Chart Source - Spencer Osborne
As I have stated, the important metric is trying to assess revenue. With this week's numbers we now have estimated gross sales this year eclipsing $50 million. This happened in the 30th week of the year and is a key number in that Arena's "guidance" pointed to gross sales of $100 million. That means that in the final 22 weeks we will want to see at least $50 million in sales. This is attainable because the current annualized pace is now approaching $112 million. Simply stated, if there was no week over week growth for the remainder of the year, the gross sales for the final 22 weeks would come in at $47 million. Very modest growth can see the final 22 weeks deliver $50 million. Modest growth can bring $55 million, and good growth can bringing $60 million and up. You can see why I anticipate overall 2014 sales to be between $110 and $120 million.
Chart Source - Spencer Osborne
In looking at the quarter over quarter and year over year aspect of sales we can note that despite seasonality, the growth is doing well. Last quarter the growth in scripts was an impressive 43%. A big portion of that growth was free trials initiated by the onset of television ads. The revenue growth was not as strong, but that should be expected. What we want to watch for is whether or not the free trials are converting patients to a paying status. I cover refill data for my readers on a regular basis (typically Wednesdays), but there is a certain subjective nature to it that needs to be understood. As things stand, the most recent week was 32% better than the corresponding week last quarter, and 240% better than the corresponding week from a year ago. The quarter over quarter performance has been dipping a bit from the numbers we saw last quarter, but that should be anticipated. At the moment the overall increase in scripts Q3 vs Q2 is 39%. This number has been decreasing each week in the quarter.

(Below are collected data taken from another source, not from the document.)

(* Let $V$ be a set of $n$ vertices and let $\mathcal{T}$ be a set (so no repeated members) of triangles on $V$ having no rainbow triangle. Then $|\mathcal{T}| \le \frac{n^2}{8}$.
   Context: A triangle on $V$ is a $3$-element subset $\{x,y,z\}\subseteq V$, identified with its edge set $\{\{x,y\},\{y,z\},\{x,z\}\}$. For a family $\mathcal{T}$ of triangles, a rainbow triangle is a triangle $\{x,y,z\}$ on $V$ together with three distinct members $t_1,t_2,t_3$ of $\mathcal{T}$ (distinct as members of the family) such that $\{x,y\}$ is an edge of $t_1$, $\{y,z\}$ is an edge of $t_2$ and $\{x,z\}$ is an edge of $t_3$. In other words, the three edges of $\{x,y,z\}$ can be taken, each from a different member of $\mathcal{T}$. *)

From mathcomp Require Import all_boot.
Set Implicit Arguments. Unset Strict Implicit. Unset Printing Implicit Defensive.

Definition is_triangle (V : finType) (t : {set V}) : bool := #|t| == 3.

Definition edge_of (V : finType) (x y : V) (t : {set V}) : bool :=
  (x != y) && (x \in t) && (y \in t).

Definition has_rainbow_triangle (V : finType) (T : {set {set V}}) : Prop :=
  exists (x y z : V) (t1 t2 t3 : {set V}),
    [/\ [&& x != y, y != z & x != z],
        [&& t1 \in T, t2 \in T & t3 \in T],
        [&& t1 != t2, t2 != t3 & t1 != t3] &
        [&& edge_of x y t1, edge_of y z t2 & edge_of x z t3]].

From mathcomp Require Import all_boot.
Set Implicit Arguments. Unset Strict Implicit. Unset Printing Implicit Defensive.

(* Two edges of a triangle t of T share a vertex, so if both were also edges
   of other members t1, t2 of T, then t1 <> t2 (else t1 = t) and t1, t2, t
   would form a rainbow triangle.  Hence every t has an apex: a vertex whose
   two edges in t lie in no other member of T.  Keep these two edges for each
   t.  Distinct members keep distinct edges, so we get a graph with 2|T| edges,
   and it is triangle-free: three kept edges from three distinct members form
   a rainbow triangle, and if two of them come from the same member t then t
   contains the whole triangle, so the third one is kept by t as well, but t
   keeps only two edges.  Mantel's theorem gives 2|T| <= n^2/4. *)

Lemma sqr_sum_leq (I : finType) (f : I -> nat) :
  (\sum_i f i) ^ 2 <= #|I| * \sum_i f i ^ 2.
Proof.
have sum_sq2 : \sum_i \sum_j (f i ^ 2 + f j ^ 2) = 2 * (#|I| * \sum_i f i ^ 2).
  under eq_bigr do rewrite big_split /= sum_nat_const.
  by rewrite big_split /= sum_nat_const -big_distrr /= mulnC addnn mul2n.
rewrite -(leq_pmul2l (isT : 0 < 2)) -sum_sq2 -mulnn big_distrl big_distrr /=.
apply: leq_sum => i _; rewrite big_distrr big_distrr /=; apply: leq_sum => j _.
by case: (nat_Cauchy (f i) (f j)).
Qed.

Lemma sum_pair_leq (I : finType) (F : I -> nat) i j :
  i != j -> F i + F j <= \sum_k F k.
Proof. by move=> ij; rewrite (bigD1 i) //= (bigD1 j) 1?eq_sym //= addnA leq_addr. Qed.

Lemma sum_row_col_leq (I : finType) (F : I -> I -> nat) i :
  F i i = 0 -> \sum_j F i j + \sum_j F j i <= \sum_j \sum_k F j k.
Proof.
move=> Fii0; rewrite [X in _ <= X](bigD1 i) //= leq_add2l (bigD1 i) //= Fii0.
by apply: leq_sum => j _; rewrite (bigD1 i) //= leq_addr.
Qed.

Definition degree (V : finType) (r : rel V) (x : V) : nat := \sum_y r x y.

Section Mantel.
Variables (V : finType) (r : rel V).
Hypothesis r_sym : symmetric r.
Hypothesis r_triangle_free : forall x y z, r x y -> r x z -> r y z -> False.

Lemma degreeD_leq x y : r x y -> degree r x + degree r y <= #|V|.
Proof.
move=> rxy; rewrite -big_split -sum1_card /=; apply: leq_sum => z _.
by case rxz: (r x z); case ryz: (r y z) => //; case: (r_triangle_free rxy rxz ryz).
Qed.

(* Sum [degreeD_leq] over all ordered edges xy: each vertex x is an endpoint
   of 2 * degree r x of them. *)
Lemma sum_degree_sq : 2 * \sum_x degree r x ^ 2 <= #|V| * \sum_x degree r x.
Proof.
have row : \sum_x \sum_y r x y * degree r x = \sum_x degree r x ^ 2.
  by apply: eq_bigr => x _; rewrite -big_distrl; apply: mulnn.
have col : \sum_x \sum_y r x y * degree r y = \sum_x degree r x ^ 2.
  rewrite exchange_big; apply: eq_bigr => y _; rewrite -big_distrl -mulnn.
  by congr (_ * _); apply: eq_bigr => x _; rewrite r_sym.
rewrite mul2n -addnn -{1}row -col -big_split big_distrr /=; apply: leq_sum => x _.
rewrite -big_split big_distrr /=; apply: leq_sum => y _.
by case rxy: (r x y); rewrite /= ?mul0n // !mul1n muln1 (degreeD_leq rxy).
Qed.

Lemma mantel : 2 * \sum_x \sum_y r x y <= #|V| ^ 2.
Proof.
have := sqr_sum_leq (degree r); have := sum_degree_sq.
rewrite -[\sum_x \sum_y _]/(\sum_x degree r x).
set M := \sum_x degree r x; set S := \sum_x degree r x ^ 2 => SM CS.
have [->|M_gt0] := posnP M; first by rewrite muln0.
rewrite -(leq_pmul2r M_gt0) -mulnA mulnn; apply: leq_trans (leq_mul (leqnn 2) CS) _.
by rewrite mulnCA -mulnn -mulnA leq_mul2l SM orbT.
Qed.

End Mantel.

Lemma card3_eq (V : finType) (t : {set V}) a b c :
  #|t| = 3 -> a \in t -> b \in t -> c \in t -> [/\ a != b, b != c & a != c] ->
  t = [set a; b; c].
Proof.
move=> t3 at_ bt ct [ab bc ac]; apply/eqP; rewrite eq_sym eqEcard t3.
apply/andP; split; first by apply/subsetP => y; rewrite !inE -orbA => /or3P[] /eqP->.
by apply/card_gt2P; exists a, b, c; rewrite !inE !eqxx ?orbT (eq_sym c).
Qed.

Lemma edge_ofP (V : finType) (x y : V) (t : {set V}) :
  reflect [/\ x != y, x \in t & y \in t] (edge_of x y t).
Proof. by rewrite /edge_of -andbA; apply: and3P. Qed.

Lemma edge_ofC (V : finType) (x y : V) (t : {set V}) : edge_of x y t = edge_of y x t.
Proof. by rewrite /edge_of eq_sym -!andbA (andbC (x \in t)). Qed.

Section ApexGraph.
Variables (V : finType) (T : {set {set V}}).

Definition private_edge (x y : V) (t : {set V}) : bool :=
  edge_of x y t && [forall t' in T, edge_of x y t' ==> (t' == t)].

Definition apex (v : V) (t : {set V}) : bool :=
  (v \in t) && [forall y in t :\ v, private_edge v y t].

(* A triangle whose three edges are private has three apexes; keeping only the
   edges at one chosen apex is what makes apex_graph triangle-free. *)
Definition apex_edge (t : {set V}) (x y : V) : bool :=
  private_edge x y t && ([pick v | apex v t] \in [:: Some x; Some y]).

Definition apex_graph : rel V := fun x y => [exists t in T, apex_edge t x y].

Lemma private_edgeC x y t : private_edge x y t = private_edge y x t.
Proof.
rewrite /private_edge edge_ofC; congr (_ && _).
by apply: eq_forallb => t'; rewrite edge_ofC.
Qed.

Lemma private_edgeW x y t : private_edge x y t -> edge_of x y t.
Proof. by case/andP. Qed.

Lemma private_edge_uniq x y t t' :
  private_edge x y t -> t' \in T -> x \in t' -> y \in t' -> t' = t.
Proof.
case/andP=> /edge_ofP[xy _ _] /forall_inP uniq_t t'T xt' yt'.
by apply/eqP; apply: (implyP (uniq_t t' t'T)); apply/edge_ofP.
Qed.

Lemma nonprivate_edge_shared x y t : edge_of x y t -> ~~ private_edge x y t ->
  exists t', [/\ t' \in T, edge_of x y t' & t' != t].
Proof.
rewrite /private_edge => -> /= /forall_inPn[t' t'T].
by rewrite negb_imply => /andP[e' t't]; exists t'.
Qed.

Lemma apex_edgeC t x y : apex_edge t x y = apex_edge t y x.
Proof. by rewrite /apex_edge private_edgeC !inE orbC. Qed.

Lemma apex_graph_sym : symmetric apex_graph.
Proof. by move=> x y; apply: eq_existsb => t; rewrite apex_edgeC. Qed.

Lemma rainbowI x y z t1 t2 t3 :
  t1 \in T -> t2 \in T -> t3 \in T -> [/\ t1 != t2, t2 != t3 & t1 != t3] ->
  edge_of x y t1 -> edge_of y z t2 -> edge_of x z t3 -> has_rainbow_triangle T.
Proof.
move=> t1T t2T t3T [t12 t23 t13] e1 e2 e3; exists x, y, z, t1, t2, t3.
case/edge_ofP: (e1) => xy _ _; case/edge_ofP: (e2) => yz _ _.
case/edge_ofP: (e3) => xz _ _.
by rewrite xy yz xz t1T t2T t3T t12 t23 t13 e1 e2 e3.
Qed.

Lemma apex_edge_triangle t x y z :
  apex_edge t x y -> apex_edge t y z -> apex_edge t x z -> False.
Proof.
rewrite /apex_edge; case: [pick v | apex v t] => [m|]; last by rewrite !andbF.
move=> /andP[/private_edgeW/edge_ofP[xy _ _] mxy] /andP[/private_edgeW/edge_ofP[yz _ _] myz].
move=> /andP[/private_edgeW/edge_ofP[xz _ _] mxz].
rewrite !inE !(inj_eq Some_inj) in mxy myz mxz.
have [m_x|mx] := eqVneq m x; first by rewrite m_x (negbTE xy) (negbTE xz) in myz.
rewrite (negbTE mx) /= in mxy.
by rewrite (eqP mxy) eq_sym (negbTE xy) (negbTE yz) in mxz.
Qed.

Lemma sum_apex_edge_leq x y : \sum_(t in T) apex_edge t x y <= apex_graph x y.
Proof.
have [/exists_inP[t0 t0T k0]|ng] := boolP (apex_graph x y); last first.
  rewrite big1 // => t tT; apply/eqP; rewrite eqb0; apply: contraNN ng => k.
  by apply/exists_inP; exists t.
rewrite (bigD1 t0) //= k0 big1 // => t /andP[tT tt0]; apply/eqP; rewrite eqb0.
apply: contraNN tt0 => /andP[/private_edgeW/edge_ofP[_ xt yt] _]; apply/eqP.
by case/andP: k0 => p0 _; apply: private_edge_uniq p0 tT xt yt.
Qed.

Hypothesis T_triangles : forall t, t \in T -> is_triangle t.
Hypothesis T_rainbow_free : ~ has_rainbow_triangle T.

Lemma triangle_eq t a b c : t \in T -> a \in t -> b \in t -> c \in t ->
  [/\ a != b, b != c & a != c] -> t = [set a; b; c].
Proof. by move/T_triangles/eqP; apply: card3_eq. Qed.

Lemma private_edge_adjacent t a b c : t \in T -> a \in t -> b \in t -> c \in t ->
  [/\ a != b, b != c & a != c] -> private_edge a b t || private_edge b c t.
Proof.
move=> tT at_ bt ct abc; case: (abc) => ab bc ac; apply/norP => -[nab nbc].
have [t1 [t1T e1 t1t]] : exists t1, [/\ t1 \in T, edge_of a b t1 & t1 != t].
  by apply: nonprivate_edge_shared nab; apply/edge_ofP.
have [t2 [t2T e2 t2t]] : exists t2, [/\ t2 \in T, edge_of b c t2 & t2 != t].
  by apply: nonprivate_edge_shared nbc; apply/edge_ofP.
have t12 : t1 != t2.
  apply: contra_neq t1t => t12; move: e1 e2; rewrite -t12 => /edge_ofP[_ at1 bt1].
  case/edge_ofP=> _ _ ct1.
  by rewrite (triangle_eq t1T at1 bt1 ct1 abc) -(triangle_eq tT at_ bt ct abc).
apply: T_rainbow_free; apply: (rainbowI t1T t2T tT) e1 e2 _ => //.
exact/edge_ofP.
Qed.

Lemma apexI t a b c : t \in T -> a \in t -> b \in t -> c \in t ->
  [/\ a != b, b != c & a != c] -> private_edge a b t -> private_edge a c t ->
  apex a t.
Proof.
move=> tT at_ bt ct abc pab pac; rewrite /apex at_; apply/forall_inP => y /setD1P[ya].
rewrite {1}(triangle_eq tT at_ bt ct abc) !inE -orbA => /or3P[/eqP y_a|/eqP->|/eqP->] //.
by rewrite y_a eqxx in ya.
Qed.

Lemma apex_opposite t a b c : t \in T -> a \in t -> b \in t -> c \in t ->
  [/\ a != b, b != c & a != c] -> ~~ private_edge a b t -> apex c t.
Proof.
move=> tT at_ bt ct [ab bc ac] nab.
have pbc : private_edge b c t.
  by have := private_edge_adjacent tT at_ bt ct (And3 ab bc ac); rewrite (negbTE nab).
have pac : private_edge a c t.
  have ba : b != a by rewrite eq_sym.
  have := private_edge_adjacent tT bt at_ ct (And3 ba ac bc).
  by rewrite private_edgeC (negbTE nab).
apply: (apexI tT ct at_ bt); rewrite 1?private_edgeC //.
by split; rewrite // eq_sym.
Qed.

Lemma triangle_has_apex t : t \in T -> exists v, apex v t.
Proof.
move=> tT; have /card_gt2P[a [b [c [[at_ bt ct] [ab bc ca]]]]] : 2 < #|t|.
  by rewrite (eqP (T_triangles tT)).
have ac : a != c by rewrite eq_sym.
have [pab|nab] := boolP (private_edge a b t); last first.
  by exists c; apply: (apex_opposite tT at_ bt ct (And3 ab bc ac)).
have [pac|nac] := boolP (private_edge a c t); last first.
  have cb : c != b by rewrite eq_sym.
  by exists b; apply: (apex_opposite tT at_ ct bt (And3 ac cb ab)).
by exists a; apply: (apexI tT at_ bt ct).
Qed.

Lemma sum_apex_edge_geq t : t \in T -> 4 <= \sum_x \sum_y apex_edge t x y.
Proof.
move=> tT; have [m pick_m] : exists m, [pick v | apex v t] = Some m.
  case: pickP => [m _|no_apex]; first by exists m.
  by case: (triangle_has_apex tT) => v; rewrite no_apex.
have /andP[mt /forall_inP pm] : apex m t by move: pick_m; case: pickP => // v av [<-].
have /card_gt1P[u [w [ut wt uw]]] : 1 < #|t :\ m|.
  by move: (cardsD1 m t); rewrite (eqP (T_triangles tT)) mt add1n => -[<-].
have kept_m y : private_edge m y t -> apex_edge t m y && apex_edge t y m.
  move=> pmy; rewrite [apex_edge t y m]apex_edgeC andbb.
  by rewrite /apex_edge pmy pick_m !inE eqxx.
have /andP[kmu kum] := kept_m u (pm u ut); have /andP[kmw kwm] := kept_m w (pm w wt).
pose F x y : nat := apex_edge t x y; change (4 <= \sum_x \sum_y F x y).
have Fmm : F m m = 0 by rewrite /F /apex_edge /private_edge /edge_of eqxx.
apply: (leq_trans _ (sum_row_col_leq Fmm)); apply: (@leq_add 2 2).
  by apply: (leq_trans _ (sum_pair_leq (F m) uw)); rewrite /F kmu kmw.
by apply: (leq_trans _ (sum_pair_leq (F^~ m) uw)); rewrite /F kum kwm.
Qed.

Lemma apex_graph_triangle_free x y z :
  apex_graph x y -> apex_graph x z -> apex_graph y z -> False.
Proof.
move=> /exists_inP[t1 t1T k1] /exists_inP[t3 t3T k3] /exists_inP[t2 t2T k2].
case/andP: (k1) => p1 _; case/andP: (k2) => p2 _; case/andP: (k3) => p3 _.
case/edge_ofP: (private_edgeW p1) => _ xt1 yt1.
case/edge_ofP: (private_edgeW p2) => _ yt2 zt2.
case/edge_ofP: (private_edgeW p3) => _ xt3 zt3.
have [t12|t12] := eqVneq t1 t2.
  have t31 : t1 = t3 by apply: private_edge_uniq p3 t1T xt1 _; rewrite t12.
  by move: k2 k3; rewrite -t12 -t31; apply: apex_edge_triangle k1.
have t23 : t2 != t3.
  apply: contra_neq t12 => t23.
  by apply: esym (private_edge_uniq p1 t2T _ yt2); rewrite t23.
have t13 : t1 != t3.
  by apply: contra_neq t12 => t13; apply: private_edge_uniq p2 t1T yt1 _; rewrite t13.
apply: T_rainbow_free; apply: (rainbowI t1T t2T t3T _ (private_edgeW p1)
  (private_edgeW p2) (private_edgeW p3)).
by split.
Qed.

Lemma card_apex_graph_geq : 4 * #|T| <= \sum_x \sum_y apex_graph x y.
Proof.
rewrite mulnC -sum_nat_const.
apply: (@leq_trans (\sum_(t in T) \sum_x \sum_y apex_edge t x y)).
  by apply: leq_sum => t; apply: sum_apex_edge_geq.
rewrite exchange_big; apply: leq_sum => x _.
rewrite exchange_big; apply: leq_sum => y _.
exact: sum_apex_edge_leq.
Qed.

End ApexGraph.

Theorem theorem2p1 (V : finType) (T : {set {set V}}) :
  (forall t, t \in T -> is_triangle t) ->
  ~ has_rainbow_triangle T ->
  8 * #|T| <= #|V| ^ 2.
Proof.
move=> T_triangles T_rainbow_free.
have := mantel (apex_graph_sym T) (apex_graph_triangle_free T_rainbow_free).
apply: leq_trans; rewrite (_ : 8 = 2 * 4) // -mulnA leq_mul2l /=.
exact: card_apex_graph_geq.
Qed.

Chart Source - Spencer Osborne
Regarding refills, I am seeing the data remain fairly consistent, which is a positive. It would tend to indicate that the investment in free trials is holding its value. I will say that the numbers are a bit softer than in the past, but not so much that I would raise any caution flags. On the contrary, I would have expected a certain amount of softening in the numbers given the large up-tick in free trials. Watching refills is going to become more and more critical in the weeks ahead. This is particularly true given the desire to see free trials convert to paying patients.
Arena's stock has had a very challenging couple of months. The fundamental story of this company is looking to revenue from Belviq to help develop and drive the pipeline. Arena sold off a good chunk of its investment in Taigen and has announced that the stock sales continue. The company has about $219 million in cash and cash equivalents, which can stave off a need for raising capital for about a year. The company used $24 million in the most recent quarter and needs to continue research and development spending. In my opinion this company should maintain a minimum balance of $100 million. While sales of Belviq are progressing, they are not yet at a level (or even close) that can sustain the operations of Arena. The fact that Arena is able to buck the seasonality trend is impressive. The company should be able to have IMS Health tabulated script sales surpass competitor Vivus (NASDAQ:VVUS) at some point in the next month. That being said, a new competitor in Orexigen (NASDAQ:OREX) with Contrave could garner approval in the next month as well.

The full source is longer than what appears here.